CODEWITHSUNDEEP
swiftdictionaryoption-type
Mark Kang
Mark Kang

Reputation: 191

Swift dictionary with mix types (optional and non-optional)

I have a struct that has a method to return a dictionary representation. The member variables were a combination of different types (String and Double?)

With the following code example, there would be a warning from Xcode (Expression implicitly coerced from 'Double?' to Any)

struct Record {
  let name: String
  let frequency: Double?

  init(name: String, frequency: Double?) {
    self.name = name
    self.frequency = frequency
  }

  func toDictionary() -> [String: Any] {
    return [
      "name": name,
      "frequency": frequency
    ]
  }
}

However if it was returning a type [String: Any?], the warning goes away:

struct Record {
  let name: String
  let frequency: Double?

  init(name: String, frequency: Double?) {
    self.name = name
    self.frequency = frequency
  }

  func toDictionary() -> [String: Any?] {
    return [
      "name": name,
      "frequency": frequency
    ]
  }
}

My question is: Is this correct? And if it is, can you point me to some Swift documentation that explains this?

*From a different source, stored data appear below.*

Lemma transfer_cst q : Phi [ffun=> q] = [ffun=> sg q].
Proof.
apply/ffunP => i; rewrite ffunE; apply: const_same_pairs => // a b a' b' dab dab'.
have /has_patternP Pq := PhiP [ffun=> q].
by apply: A_inj; rewrite !Pq // /pattern !ffunE.
Qed.

Lemma transferred_label_inj : injective sg.
Proof.
move=> q l e; have /Phi_inj : Phi [ffun=> q] = Phi [ffun=> l] by rewrite !transfer_cst e.
by move/ffunP/(_ i0); rewrite !ffunE.
Qed.

Lemma transferred_diag q : A' q q = A (sg q) (sg q).
Proof.
have /has_patternP := PhiP [ffun=> q]; rewrite transfer_cst /pattern.
by move=> /(_ _ _ d01); rewrite !ffunE.
Qed.

Lemma transfer_at_const_pair (z : {ffun 'I_n -> 'I_Q}) (i j : 'I_n) q :
  is_dyad dir i j -> z i = q -> z j = q -> Phi z i = sg q /\ Phi z j = sg q.
Proof.
move=> dij zi zj; apply: same_pair_diag; apply: A_inj.
by have /has_patternP -> := PhiP z; rewrite // /pattern zi zj transferred_diag.
Qed.

Lemma transferred_pair q l : A' q l = A (sg q) (sg l).
Proof.
pose z1 : {ffun 'I_n -> 'I_Q} := [ffun i => if i == i0 then q else l].
have [z1_1 _] : Phi z1 i1 = sg l /\ Phi z1 i2 = sg l.
  by apply: transfer_at_const_pair d12 _ _; rewrite ffunE.
have /has_patternP := PhiP z1 => /(_ _ _ d01).
rewrite /pattern !ffunE /= z1_1 => eq1.
pose z2 : {ffun 'I_n -> 'I_Q} := [ffun i => if i == i2 then l else q].
have [z2_0 _] : Phi z2 i0 = sg q /\ Phi z2 i1 = sg q.
  by apply: transfer_at_const_pair d01 _ _; rewrite ffunE.
have /has_patternP := PhiP z2 => /(_ _ _ d02).
rewrite /pattern !ffunE /= z2_0 => eq2.
have [[e _]|[_ [_ /transferred_label_inj lq]]] := A_inj (etrans eq1 (esym eq2)).
  by rewrite -eq1 e.
by rewrite lq transferred_diag.
Qed.

End pattern_transfer.

Theorem label_switching pi pi' : (forall q, 0 < pi q) -> (forall q, 0 < pi' q) ->
  same_pattern_law A pi A' pi' ->
  exists s : {perm 'I_Q},
    (forall q, pi' q = pi (s q)) /\ (forall q l, A' q l = A (s q) (s l)).
Proof.
move=> pi_gt0 pi'_gt0 law.
have [Phi PhiP] := fin_all_exists (pattern_law_support pi'_gt0 law).
have [Psi PsiP] := fin_all_exists (pattern_law_support pi_gt0 (same_pattern_law_sym law)).
have PsiK : cancel Psi Phi.
  move=> z; apply: (has_pattern_inj (y := pattern A z) n_ge3 A_inj).
    exact: has_pattern_pattern (PhiP _) (PsiP _).
  exact/has_patternP.
have Phi_inj := can_inj (canF_sym PsiK).
have sgA := transferred_pair PhiP Phi_inj.
have sg_inj := transferred_label_inj PhiP Phi_inj.
exists (perm sg_inj); split=> q *; rewrite ?permE; last exact: sgA.
have A'_inj : pair_injective dir A'.
  by move=> ? ? ? ?; rewrite !sgA; apply: pair_injective_comp.
apply: same_pattern_law_cst law => [?|?||]; [exact/ltW|exact/ltW|exact: A'_inj|].
exact: sgA.
Qed.

End label_switching.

If it isn't, what should it be?

== EDIT ==

The following works too:

struct Record {
  let name: String
  let frequency: Double?

  init(name: String, frequency: Double?) {
    self.name = name
    self.frequency = frequency
  }

  func toDictionary() -> [String: Any] {
    return [
      "name": name,
      "frequency": frequency as Any
    ]
  }
}

Upvotes: 0

Views: 281

Answers (2)

ielyamani
ielyamani

Reputation: 18591

You can cast frequency to Any since the latter can hold any type. It is like casting instances of specific Swift type to the Objective-C id type. Eventually, you'll have to downcast objects of the type Any to a specific class to be able to call methods and access properties.

I would not recommend structuring data in your code using Any, or if you want to be specific Any? (when the object may or may not hold some value). That would be a sign of bad data-modeling.

From the documentation:

Any can represent an instance of any type at all, including function types.[...] Use Any and AnyObject only when you explicitly need the behavior and capabilities they provide. It is always better to be specific about the types you expect to work within your code.

(emphasis is mine)

Instead, use the Data type. And you would be able to decode Record or encode it from and into Data:

struct Record : Codable {
    let name: String
    let frequency: Double?

    init(name: String, frequency: Double?) {
        self.name = name
        self.frequency = frequency
    }

    init(data: Data) throws { 
        self = try JSONDecoder().decode(Record.self, from: data) 
    }

    func toData() -> Data {
        guard let data = try? JSONEncoder().encode(self) else {
            fatalError("Could not encode Record into Data")
        }
        return data
    }
}

And use it like so:

let record = Record(name: "Hello", frequency: 13.0)
let data = record.toData()

let decodedRecord = try Record(data: data)
print(decodedRecord.name)
print(decodedRecord.frequency ?? "No frequency")

Upvotes: 1

Cristik
Cristik

Reputation: 32813

I'd recommend adding Codable conformance, and letting JSONEncoder do all the heavy lifting. If however you are constrained to the toDictionary approach, then I would advise against [String:Any?], since that might result in undefined behaviour (try to print the dictionary for more details).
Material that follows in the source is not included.